What you should do = Locate, in the data below, the line that contains "by rewrite -dimv_eq0" and the line that contains "exists lam =>"; reproduce exactly those two lines and every line between them, nothing more.

Collected data entries:
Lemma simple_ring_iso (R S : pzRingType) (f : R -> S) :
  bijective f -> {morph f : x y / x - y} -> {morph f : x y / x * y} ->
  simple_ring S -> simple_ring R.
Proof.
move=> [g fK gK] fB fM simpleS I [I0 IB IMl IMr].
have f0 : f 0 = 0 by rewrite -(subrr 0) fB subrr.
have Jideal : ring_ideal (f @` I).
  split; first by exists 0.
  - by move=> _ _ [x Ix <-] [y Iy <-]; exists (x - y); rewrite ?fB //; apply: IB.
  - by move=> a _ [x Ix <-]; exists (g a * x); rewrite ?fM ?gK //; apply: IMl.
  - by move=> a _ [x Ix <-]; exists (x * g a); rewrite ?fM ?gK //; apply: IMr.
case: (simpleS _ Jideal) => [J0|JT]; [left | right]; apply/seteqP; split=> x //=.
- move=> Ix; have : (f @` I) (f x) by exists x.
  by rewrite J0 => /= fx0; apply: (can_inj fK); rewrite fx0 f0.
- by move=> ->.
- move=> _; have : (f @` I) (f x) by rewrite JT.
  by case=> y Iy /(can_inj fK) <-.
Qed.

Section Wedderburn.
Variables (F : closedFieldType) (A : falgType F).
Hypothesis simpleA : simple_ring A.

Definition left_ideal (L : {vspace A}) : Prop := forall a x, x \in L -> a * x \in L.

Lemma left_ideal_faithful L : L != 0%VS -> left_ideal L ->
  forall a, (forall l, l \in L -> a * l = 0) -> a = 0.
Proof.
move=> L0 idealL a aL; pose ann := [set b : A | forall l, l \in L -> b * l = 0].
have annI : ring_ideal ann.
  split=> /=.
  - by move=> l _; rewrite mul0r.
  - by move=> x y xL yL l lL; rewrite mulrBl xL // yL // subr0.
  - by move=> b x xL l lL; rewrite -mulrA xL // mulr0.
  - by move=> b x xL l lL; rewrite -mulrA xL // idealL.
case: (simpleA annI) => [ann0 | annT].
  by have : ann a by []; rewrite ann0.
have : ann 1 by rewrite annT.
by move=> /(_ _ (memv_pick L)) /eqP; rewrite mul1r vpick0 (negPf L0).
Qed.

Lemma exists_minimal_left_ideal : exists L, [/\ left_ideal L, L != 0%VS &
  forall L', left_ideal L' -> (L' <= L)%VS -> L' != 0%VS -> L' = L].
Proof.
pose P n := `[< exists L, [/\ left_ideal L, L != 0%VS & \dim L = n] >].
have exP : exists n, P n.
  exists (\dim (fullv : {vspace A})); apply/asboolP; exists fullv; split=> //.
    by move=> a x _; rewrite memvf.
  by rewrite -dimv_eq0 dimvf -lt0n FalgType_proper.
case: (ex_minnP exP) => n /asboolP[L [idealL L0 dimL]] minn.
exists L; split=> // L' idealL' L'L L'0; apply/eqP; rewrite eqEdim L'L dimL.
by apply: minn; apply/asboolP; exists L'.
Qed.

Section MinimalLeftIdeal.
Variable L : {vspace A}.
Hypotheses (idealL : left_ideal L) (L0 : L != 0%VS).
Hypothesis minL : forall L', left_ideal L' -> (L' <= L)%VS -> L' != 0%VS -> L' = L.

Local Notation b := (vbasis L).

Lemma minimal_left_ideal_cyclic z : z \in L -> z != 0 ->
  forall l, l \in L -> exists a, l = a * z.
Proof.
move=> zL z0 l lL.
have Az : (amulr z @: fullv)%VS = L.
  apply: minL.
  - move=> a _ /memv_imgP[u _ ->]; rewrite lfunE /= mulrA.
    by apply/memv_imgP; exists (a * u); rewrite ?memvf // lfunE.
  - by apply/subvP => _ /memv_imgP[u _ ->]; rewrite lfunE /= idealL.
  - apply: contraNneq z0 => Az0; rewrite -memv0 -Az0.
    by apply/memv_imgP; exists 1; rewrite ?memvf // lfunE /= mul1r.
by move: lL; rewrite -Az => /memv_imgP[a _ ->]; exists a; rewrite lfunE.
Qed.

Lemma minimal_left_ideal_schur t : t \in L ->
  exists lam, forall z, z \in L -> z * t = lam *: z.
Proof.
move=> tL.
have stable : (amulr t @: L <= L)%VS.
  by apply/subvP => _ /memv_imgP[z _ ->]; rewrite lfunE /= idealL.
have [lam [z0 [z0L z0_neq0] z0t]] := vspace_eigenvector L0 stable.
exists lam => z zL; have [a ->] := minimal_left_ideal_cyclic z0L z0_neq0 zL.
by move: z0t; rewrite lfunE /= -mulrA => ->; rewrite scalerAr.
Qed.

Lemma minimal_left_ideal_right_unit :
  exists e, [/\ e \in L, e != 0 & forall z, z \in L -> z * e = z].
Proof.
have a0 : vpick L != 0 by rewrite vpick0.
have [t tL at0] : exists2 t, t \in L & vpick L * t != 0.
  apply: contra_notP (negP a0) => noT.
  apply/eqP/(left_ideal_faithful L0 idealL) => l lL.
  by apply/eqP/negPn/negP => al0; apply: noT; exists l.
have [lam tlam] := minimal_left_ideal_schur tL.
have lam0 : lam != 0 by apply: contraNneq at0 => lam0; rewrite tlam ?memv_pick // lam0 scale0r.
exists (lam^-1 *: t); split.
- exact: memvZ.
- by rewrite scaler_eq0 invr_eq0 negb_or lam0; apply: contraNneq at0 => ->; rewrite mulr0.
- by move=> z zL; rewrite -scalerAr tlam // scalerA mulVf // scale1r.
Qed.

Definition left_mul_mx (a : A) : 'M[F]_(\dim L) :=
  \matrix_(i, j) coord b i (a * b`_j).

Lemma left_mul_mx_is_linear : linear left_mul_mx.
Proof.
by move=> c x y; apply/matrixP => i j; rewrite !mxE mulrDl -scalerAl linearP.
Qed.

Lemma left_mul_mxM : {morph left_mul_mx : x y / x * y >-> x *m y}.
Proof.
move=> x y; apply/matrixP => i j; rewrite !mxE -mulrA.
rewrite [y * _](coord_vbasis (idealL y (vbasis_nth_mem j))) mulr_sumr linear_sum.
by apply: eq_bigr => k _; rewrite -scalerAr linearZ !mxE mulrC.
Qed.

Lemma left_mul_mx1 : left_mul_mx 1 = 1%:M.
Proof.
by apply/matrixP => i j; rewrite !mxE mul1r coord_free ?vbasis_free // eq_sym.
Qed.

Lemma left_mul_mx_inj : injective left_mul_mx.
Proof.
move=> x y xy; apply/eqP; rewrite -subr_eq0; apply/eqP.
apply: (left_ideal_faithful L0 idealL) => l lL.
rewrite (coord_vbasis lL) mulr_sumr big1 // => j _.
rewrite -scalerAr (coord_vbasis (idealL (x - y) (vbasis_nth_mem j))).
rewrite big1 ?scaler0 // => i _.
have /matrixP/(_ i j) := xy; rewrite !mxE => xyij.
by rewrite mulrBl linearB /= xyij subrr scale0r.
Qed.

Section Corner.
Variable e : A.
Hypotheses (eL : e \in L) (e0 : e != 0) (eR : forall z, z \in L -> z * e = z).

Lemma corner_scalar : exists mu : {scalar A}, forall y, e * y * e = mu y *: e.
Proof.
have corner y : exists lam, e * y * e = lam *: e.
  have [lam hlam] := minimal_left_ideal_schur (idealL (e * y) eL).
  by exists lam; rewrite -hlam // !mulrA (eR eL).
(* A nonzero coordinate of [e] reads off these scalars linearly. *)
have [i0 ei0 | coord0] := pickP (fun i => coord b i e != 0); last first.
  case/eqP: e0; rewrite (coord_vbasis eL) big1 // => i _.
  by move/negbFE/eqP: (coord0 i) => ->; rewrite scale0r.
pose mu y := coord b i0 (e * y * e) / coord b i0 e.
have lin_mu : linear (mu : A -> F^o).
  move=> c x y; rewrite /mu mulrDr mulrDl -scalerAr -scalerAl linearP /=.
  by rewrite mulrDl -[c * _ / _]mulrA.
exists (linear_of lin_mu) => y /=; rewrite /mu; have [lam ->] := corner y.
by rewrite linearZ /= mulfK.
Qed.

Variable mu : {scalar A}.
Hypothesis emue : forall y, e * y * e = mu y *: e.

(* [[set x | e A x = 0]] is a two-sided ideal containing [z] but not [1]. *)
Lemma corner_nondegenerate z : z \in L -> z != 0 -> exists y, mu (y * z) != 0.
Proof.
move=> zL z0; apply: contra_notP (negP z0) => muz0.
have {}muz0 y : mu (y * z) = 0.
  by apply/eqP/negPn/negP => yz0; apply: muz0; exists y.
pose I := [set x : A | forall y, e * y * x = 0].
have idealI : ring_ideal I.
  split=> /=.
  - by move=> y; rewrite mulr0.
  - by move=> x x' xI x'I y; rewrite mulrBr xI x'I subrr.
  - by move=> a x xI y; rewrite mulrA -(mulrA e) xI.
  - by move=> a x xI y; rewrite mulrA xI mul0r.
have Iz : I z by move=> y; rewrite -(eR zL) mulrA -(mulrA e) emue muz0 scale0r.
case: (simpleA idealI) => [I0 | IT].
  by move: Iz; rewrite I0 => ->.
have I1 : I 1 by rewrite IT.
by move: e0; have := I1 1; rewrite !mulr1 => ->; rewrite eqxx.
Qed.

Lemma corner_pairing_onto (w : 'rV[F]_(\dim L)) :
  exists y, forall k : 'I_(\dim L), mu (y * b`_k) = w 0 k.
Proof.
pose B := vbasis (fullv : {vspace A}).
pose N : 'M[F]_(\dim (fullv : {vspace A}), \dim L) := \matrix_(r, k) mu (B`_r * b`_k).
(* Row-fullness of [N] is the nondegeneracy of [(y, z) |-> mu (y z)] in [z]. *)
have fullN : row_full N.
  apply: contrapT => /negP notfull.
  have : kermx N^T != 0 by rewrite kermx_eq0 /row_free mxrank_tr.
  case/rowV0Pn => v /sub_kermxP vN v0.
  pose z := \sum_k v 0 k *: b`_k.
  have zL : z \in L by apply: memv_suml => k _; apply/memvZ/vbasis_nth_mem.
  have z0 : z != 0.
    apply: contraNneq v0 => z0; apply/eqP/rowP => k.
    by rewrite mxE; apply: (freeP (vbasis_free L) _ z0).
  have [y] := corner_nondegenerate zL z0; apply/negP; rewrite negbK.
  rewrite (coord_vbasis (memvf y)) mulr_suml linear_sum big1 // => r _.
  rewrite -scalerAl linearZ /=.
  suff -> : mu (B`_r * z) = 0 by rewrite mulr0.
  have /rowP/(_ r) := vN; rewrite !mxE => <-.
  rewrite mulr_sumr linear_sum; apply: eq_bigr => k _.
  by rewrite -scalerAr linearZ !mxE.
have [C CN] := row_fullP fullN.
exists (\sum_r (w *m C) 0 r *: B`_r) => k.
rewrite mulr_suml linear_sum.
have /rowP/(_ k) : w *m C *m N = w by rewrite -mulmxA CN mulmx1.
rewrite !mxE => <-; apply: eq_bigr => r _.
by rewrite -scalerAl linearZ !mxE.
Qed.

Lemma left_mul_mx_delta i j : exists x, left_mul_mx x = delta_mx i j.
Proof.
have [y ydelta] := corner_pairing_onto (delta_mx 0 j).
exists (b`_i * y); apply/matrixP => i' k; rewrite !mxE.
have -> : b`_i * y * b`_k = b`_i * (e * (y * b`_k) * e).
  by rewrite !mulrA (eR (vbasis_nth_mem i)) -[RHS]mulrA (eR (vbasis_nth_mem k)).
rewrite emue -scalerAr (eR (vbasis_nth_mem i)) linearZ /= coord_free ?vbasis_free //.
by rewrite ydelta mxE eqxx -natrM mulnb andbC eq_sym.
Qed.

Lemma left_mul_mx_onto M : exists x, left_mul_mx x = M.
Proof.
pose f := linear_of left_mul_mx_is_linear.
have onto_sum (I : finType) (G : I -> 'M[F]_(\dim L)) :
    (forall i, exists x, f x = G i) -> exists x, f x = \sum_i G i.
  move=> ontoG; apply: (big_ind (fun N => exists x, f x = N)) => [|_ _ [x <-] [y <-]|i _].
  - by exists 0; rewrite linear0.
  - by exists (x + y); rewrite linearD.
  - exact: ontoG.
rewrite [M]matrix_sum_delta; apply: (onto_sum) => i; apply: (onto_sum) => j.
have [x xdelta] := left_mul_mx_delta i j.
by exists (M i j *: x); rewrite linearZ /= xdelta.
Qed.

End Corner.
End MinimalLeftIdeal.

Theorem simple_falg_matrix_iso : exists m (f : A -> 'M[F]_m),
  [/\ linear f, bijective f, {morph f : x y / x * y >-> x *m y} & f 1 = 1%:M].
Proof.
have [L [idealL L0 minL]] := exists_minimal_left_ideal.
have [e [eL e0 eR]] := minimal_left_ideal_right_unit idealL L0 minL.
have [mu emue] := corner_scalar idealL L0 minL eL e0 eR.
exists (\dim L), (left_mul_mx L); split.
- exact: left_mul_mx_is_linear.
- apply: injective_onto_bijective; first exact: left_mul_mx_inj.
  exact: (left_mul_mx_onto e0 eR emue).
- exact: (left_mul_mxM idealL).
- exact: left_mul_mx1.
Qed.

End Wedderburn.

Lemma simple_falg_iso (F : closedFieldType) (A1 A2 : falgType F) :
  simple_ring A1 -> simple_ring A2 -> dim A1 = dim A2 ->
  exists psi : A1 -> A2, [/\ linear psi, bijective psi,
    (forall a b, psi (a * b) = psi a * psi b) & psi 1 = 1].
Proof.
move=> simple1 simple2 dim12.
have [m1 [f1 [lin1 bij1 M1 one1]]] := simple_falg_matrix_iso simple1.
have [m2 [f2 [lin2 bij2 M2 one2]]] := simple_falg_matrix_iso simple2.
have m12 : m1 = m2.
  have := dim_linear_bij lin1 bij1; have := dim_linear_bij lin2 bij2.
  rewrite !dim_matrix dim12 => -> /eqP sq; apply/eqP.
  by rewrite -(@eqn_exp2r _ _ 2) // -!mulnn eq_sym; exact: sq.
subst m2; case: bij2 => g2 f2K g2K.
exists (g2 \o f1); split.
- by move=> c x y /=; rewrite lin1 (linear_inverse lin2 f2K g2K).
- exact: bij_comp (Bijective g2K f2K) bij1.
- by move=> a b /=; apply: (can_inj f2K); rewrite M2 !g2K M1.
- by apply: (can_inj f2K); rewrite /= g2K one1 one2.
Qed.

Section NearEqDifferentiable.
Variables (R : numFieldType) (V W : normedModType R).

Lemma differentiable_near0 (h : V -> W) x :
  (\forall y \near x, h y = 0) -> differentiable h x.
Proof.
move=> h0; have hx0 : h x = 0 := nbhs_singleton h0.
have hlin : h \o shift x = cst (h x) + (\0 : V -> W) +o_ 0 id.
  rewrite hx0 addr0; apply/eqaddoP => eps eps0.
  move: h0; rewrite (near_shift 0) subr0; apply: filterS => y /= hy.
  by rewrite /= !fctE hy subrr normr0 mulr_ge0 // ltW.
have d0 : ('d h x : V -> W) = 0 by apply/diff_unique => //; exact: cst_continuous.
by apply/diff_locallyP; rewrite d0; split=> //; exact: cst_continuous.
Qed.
--
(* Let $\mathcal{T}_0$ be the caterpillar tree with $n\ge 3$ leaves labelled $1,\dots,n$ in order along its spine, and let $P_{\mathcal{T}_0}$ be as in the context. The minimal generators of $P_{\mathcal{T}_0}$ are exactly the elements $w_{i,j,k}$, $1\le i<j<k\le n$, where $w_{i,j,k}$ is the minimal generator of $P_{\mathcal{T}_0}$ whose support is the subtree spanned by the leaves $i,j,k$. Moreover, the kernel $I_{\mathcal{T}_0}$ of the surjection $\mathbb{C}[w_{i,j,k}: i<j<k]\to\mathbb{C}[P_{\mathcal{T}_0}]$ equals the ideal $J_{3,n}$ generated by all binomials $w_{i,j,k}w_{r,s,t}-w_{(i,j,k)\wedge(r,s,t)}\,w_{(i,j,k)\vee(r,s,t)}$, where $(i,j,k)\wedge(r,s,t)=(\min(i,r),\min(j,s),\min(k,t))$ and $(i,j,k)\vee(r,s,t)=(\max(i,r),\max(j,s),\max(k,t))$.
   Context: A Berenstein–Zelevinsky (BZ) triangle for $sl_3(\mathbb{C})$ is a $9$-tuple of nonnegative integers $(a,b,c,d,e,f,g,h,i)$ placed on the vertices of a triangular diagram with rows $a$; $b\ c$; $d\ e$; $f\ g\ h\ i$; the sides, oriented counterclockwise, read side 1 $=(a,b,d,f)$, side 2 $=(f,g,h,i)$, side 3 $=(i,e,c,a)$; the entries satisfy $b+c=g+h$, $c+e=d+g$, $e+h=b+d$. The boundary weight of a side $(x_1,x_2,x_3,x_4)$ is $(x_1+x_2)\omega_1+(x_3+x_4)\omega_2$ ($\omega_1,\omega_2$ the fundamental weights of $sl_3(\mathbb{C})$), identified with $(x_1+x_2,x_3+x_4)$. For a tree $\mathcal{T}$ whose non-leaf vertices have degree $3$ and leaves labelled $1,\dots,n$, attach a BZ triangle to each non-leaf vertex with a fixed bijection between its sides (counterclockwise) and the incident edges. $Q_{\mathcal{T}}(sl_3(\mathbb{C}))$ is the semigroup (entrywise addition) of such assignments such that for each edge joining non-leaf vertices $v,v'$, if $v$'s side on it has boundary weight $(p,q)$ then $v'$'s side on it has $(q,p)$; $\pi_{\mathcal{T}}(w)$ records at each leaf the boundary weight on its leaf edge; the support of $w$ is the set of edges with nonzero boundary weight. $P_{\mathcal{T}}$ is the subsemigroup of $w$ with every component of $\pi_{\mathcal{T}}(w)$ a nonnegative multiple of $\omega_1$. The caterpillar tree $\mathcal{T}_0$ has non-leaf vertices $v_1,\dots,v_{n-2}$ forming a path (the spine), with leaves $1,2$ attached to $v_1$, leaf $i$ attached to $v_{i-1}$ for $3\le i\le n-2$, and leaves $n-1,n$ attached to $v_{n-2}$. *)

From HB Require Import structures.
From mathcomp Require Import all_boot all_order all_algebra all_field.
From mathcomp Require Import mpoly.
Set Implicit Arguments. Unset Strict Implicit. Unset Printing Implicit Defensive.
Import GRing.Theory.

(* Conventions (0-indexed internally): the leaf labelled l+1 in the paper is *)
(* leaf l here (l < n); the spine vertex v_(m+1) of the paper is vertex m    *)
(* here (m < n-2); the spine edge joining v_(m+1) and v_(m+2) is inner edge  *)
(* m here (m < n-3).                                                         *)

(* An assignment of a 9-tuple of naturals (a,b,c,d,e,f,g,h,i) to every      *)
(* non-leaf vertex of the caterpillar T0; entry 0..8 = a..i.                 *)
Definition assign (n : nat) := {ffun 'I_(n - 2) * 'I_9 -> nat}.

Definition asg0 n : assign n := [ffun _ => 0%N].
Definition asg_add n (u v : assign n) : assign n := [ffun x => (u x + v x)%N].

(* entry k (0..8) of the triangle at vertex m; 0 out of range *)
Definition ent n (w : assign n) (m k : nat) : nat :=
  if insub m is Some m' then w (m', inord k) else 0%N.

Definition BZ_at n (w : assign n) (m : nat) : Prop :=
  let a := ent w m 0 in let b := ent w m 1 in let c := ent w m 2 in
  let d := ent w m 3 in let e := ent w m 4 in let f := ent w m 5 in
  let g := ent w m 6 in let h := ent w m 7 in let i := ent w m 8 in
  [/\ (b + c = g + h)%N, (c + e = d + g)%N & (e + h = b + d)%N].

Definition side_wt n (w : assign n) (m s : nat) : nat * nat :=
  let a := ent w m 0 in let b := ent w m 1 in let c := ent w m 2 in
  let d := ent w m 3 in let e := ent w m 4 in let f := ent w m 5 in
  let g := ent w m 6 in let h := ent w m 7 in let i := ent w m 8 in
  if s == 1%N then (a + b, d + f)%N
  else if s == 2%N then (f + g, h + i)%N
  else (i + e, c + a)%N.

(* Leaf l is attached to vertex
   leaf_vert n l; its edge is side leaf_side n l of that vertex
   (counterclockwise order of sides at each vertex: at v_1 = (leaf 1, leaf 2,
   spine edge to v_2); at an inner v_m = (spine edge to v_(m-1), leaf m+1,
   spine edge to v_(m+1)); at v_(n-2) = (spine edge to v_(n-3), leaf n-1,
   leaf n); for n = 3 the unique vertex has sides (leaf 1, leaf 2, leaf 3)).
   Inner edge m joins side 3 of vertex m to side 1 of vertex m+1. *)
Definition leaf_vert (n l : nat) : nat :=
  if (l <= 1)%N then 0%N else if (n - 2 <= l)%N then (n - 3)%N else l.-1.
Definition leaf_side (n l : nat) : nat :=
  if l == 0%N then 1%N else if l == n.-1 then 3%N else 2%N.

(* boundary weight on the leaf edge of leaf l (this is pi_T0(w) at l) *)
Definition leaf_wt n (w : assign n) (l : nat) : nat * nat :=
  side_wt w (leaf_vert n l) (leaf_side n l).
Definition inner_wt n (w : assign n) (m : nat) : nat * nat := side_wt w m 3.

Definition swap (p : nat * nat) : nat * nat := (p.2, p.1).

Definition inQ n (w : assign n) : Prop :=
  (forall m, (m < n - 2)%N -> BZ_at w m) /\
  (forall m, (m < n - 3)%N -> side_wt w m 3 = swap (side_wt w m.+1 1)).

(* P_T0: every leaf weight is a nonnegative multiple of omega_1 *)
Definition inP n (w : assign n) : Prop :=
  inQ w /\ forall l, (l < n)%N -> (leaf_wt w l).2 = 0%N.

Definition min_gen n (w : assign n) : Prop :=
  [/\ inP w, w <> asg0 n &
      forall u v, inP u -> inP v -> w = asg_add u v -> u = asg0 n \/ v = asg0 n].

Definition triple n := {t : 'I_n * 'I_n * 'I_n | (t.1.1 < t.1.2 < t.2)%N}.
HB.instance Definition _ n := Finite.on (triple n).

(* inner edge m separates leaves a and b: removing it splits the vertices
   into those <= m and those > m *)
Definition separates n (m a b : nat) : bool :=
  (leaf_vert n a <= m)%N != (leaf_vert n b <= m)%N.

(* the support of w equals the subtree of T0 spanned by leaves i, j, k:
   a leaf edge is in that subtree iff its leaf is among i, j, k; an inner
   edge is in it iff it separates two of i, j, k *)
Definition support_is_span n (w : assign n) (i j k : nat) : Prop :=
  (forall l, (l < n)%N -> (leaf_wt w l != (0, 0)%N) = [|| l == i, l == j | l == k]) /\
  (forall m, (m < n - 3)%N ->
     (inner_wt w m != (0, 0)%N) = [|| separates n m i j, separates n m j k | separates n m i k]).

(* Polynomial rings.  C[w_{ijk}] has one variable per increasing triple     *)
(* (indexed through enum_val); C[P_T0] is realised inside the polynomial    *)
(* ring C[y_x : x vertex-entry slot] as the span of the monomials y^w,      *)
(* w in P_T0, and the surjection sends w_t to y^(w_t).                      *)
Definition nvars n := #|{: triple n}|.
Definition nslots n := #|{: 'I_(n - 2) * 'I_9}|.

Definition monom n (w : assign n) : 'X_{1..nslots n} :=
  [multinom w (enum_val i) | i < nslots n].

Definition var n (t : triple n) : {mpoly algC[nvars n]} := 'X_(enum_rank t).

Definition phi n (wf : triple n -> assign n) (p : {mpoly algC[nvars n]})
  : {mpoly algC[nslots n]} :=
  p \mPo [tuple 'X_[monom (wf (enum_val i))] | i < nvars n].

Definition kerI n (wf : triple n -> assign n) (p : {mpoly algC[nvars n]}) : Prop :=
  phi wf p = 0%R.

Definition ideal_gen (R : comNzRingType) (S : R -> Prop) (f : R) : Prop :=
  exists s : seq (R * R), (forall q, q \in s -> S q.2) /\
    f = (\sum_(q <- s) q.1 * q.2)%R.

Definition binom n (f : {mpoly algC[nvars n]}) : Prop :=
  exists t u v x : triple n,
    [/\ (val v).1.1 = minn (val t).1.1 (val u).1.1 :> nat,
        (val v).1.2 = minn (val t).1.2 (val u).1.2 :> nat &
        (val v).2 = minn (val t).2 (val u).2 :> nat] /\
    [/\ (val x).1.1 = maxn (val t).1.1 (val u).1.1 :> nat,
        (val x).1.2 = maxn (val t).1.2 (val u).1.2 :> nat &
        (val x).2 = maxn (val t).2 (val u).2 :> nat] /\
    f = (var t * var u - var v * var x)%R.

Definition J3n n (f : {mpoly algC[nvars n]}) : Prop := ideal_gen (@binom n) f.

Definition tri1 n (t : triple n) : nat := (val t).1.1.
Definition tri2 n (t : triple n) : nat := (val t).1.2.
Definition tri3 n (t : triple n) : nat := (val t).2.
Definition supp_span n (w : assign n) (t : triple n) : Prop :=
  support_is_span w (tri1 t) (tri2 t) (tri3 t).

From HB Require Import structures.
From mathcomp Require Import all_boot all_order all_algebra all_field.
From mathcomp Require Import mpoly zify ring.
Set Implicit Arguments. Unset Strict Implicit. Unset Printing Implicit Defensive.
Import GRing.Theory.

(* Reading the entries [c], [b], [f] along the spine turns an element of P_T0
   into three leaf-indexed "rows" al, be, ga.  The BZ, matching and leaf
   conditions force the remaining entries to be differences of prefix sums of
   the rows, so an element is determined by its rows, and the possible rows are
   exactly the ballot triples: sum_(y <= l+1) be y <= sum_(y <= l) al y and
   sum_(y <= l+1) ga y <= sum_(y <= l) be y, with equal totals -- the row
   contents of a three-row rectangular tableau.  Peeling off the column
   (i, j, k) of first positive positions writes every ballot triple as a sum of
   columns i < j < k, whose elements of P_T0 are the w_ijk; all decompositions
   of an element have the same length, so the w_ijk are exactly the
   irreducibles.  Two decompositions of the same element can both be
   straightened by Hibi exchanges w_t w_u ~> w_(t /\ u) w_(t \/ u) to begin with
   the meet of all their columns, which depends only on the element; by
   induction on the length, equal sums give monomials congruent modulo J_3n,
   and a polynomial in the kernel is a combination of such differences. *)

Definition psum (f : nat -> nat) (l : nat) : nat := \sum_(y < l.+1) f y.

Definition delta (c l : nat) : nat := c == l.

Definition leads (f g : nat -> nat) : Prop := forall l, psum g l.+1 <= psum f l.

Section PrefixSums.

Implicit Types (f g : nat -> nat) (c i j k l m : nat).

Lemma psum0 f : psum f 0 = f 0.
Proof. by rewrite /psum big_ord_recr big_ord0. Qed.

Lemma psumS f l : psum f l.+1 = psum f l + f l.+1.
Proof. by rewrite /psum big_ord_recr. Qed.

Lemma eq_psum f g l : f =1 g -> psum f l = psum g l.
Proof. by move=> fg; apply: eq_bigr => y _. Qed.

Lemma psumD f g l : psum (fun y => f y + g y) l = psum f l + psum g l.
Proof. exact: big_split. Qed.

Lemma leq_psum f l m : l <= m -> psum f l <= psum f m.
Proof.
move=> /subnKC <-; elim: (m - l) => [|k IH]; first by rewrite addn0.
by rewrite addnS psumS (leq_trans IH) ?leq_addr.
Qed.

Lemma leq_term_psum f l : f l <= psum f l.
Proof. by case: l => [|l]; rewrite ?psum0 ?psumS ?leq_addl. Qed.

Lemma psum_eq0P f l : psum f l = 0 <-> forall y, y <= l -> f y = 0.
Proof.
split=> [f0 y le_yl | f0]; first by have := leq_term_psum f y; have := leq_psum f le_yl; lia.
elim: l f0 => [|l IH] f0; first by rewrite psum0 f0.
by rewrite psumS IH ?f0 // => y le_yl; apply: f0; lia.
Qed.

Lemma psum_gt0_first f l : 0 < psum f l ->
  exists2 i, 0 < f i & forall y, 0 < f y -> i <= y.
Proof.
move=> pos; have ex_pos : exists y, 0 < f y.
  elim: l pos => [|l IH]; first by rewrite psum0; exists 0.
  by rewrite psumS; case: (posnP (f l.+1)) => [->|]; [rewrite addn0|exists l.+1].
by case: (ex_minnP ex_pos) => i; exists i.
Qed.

Solution to the exercise =
  by rewrite -dimv_eq0 dimvf -lt0n FalgType_proper.
case: (ex_minnP exP) => n /asboolP[L [idealL L0 dimL]] minn.
exists L; split=> // L' idealL' L'L L'0; apply/eqP; rewrite eqEdim L'L dimL.
by apply: minn; apply/asboolP; exists L'.
Qed.

Section MinimalLeftIdeal.
Variable L : {vspace A}.
Hypotheses (idealL : left_ideal L) (L0 : L != 0%VS).
Hypothesis minL : forall L', left_ideal L' -> (L' <= L)%VS -> L' != 0%VS -> L' = L.

Local Notation b := (vbasis L).

Lemma minimal_left_ideal_cyclic z : z \in L -> z != 0 ->
  forall l, l \in L -> exists a, l = a * z.
Proof.
move=> zL z0 l lL.
have Az : (amulr z @: fullv)%VS = L.
  apply: minL.
  - move=> a _ /memv_imgP[u _ ->]; rewrite lfunE /= mulrA.
    by apply/memv_imgP; exists (a * u); rewrite ?memvf // lfunE.
  - by apply/subvP => _ /memv_imgP[u _ ->]; rewrite lfunE /= idealL.
  - apply: contraNneq z0 => Az0; rewrite -memv0 -Az0.
    by apply/memv_imgP; exists 1; rewrite ?memvf // lfunE /= mul1r.
by move: lL; rewrite -Az => /memv_imgP[a _ ->]; exists a; rewrite lfunE.
Qed.

Lemma minimal_left_ideal_schur t : t \in L ->
  exists lam, forall z, z \in L -> z * t = lam *: z.
Proof.
move=> tL.
have stable : (amulr t @: L <= L)%VS.
  by apply/subvP => _ /memv_imgP[z _ ->]; rewrite lfunE /= idealL.
have [lam [z0 [z0L z0_neq0] z0t]] := vspace_eigenvector L0 stable.
exists lam => z zL; have [a ->] := minimal_left_ideal_cyclic z0L z0_neq0 zL.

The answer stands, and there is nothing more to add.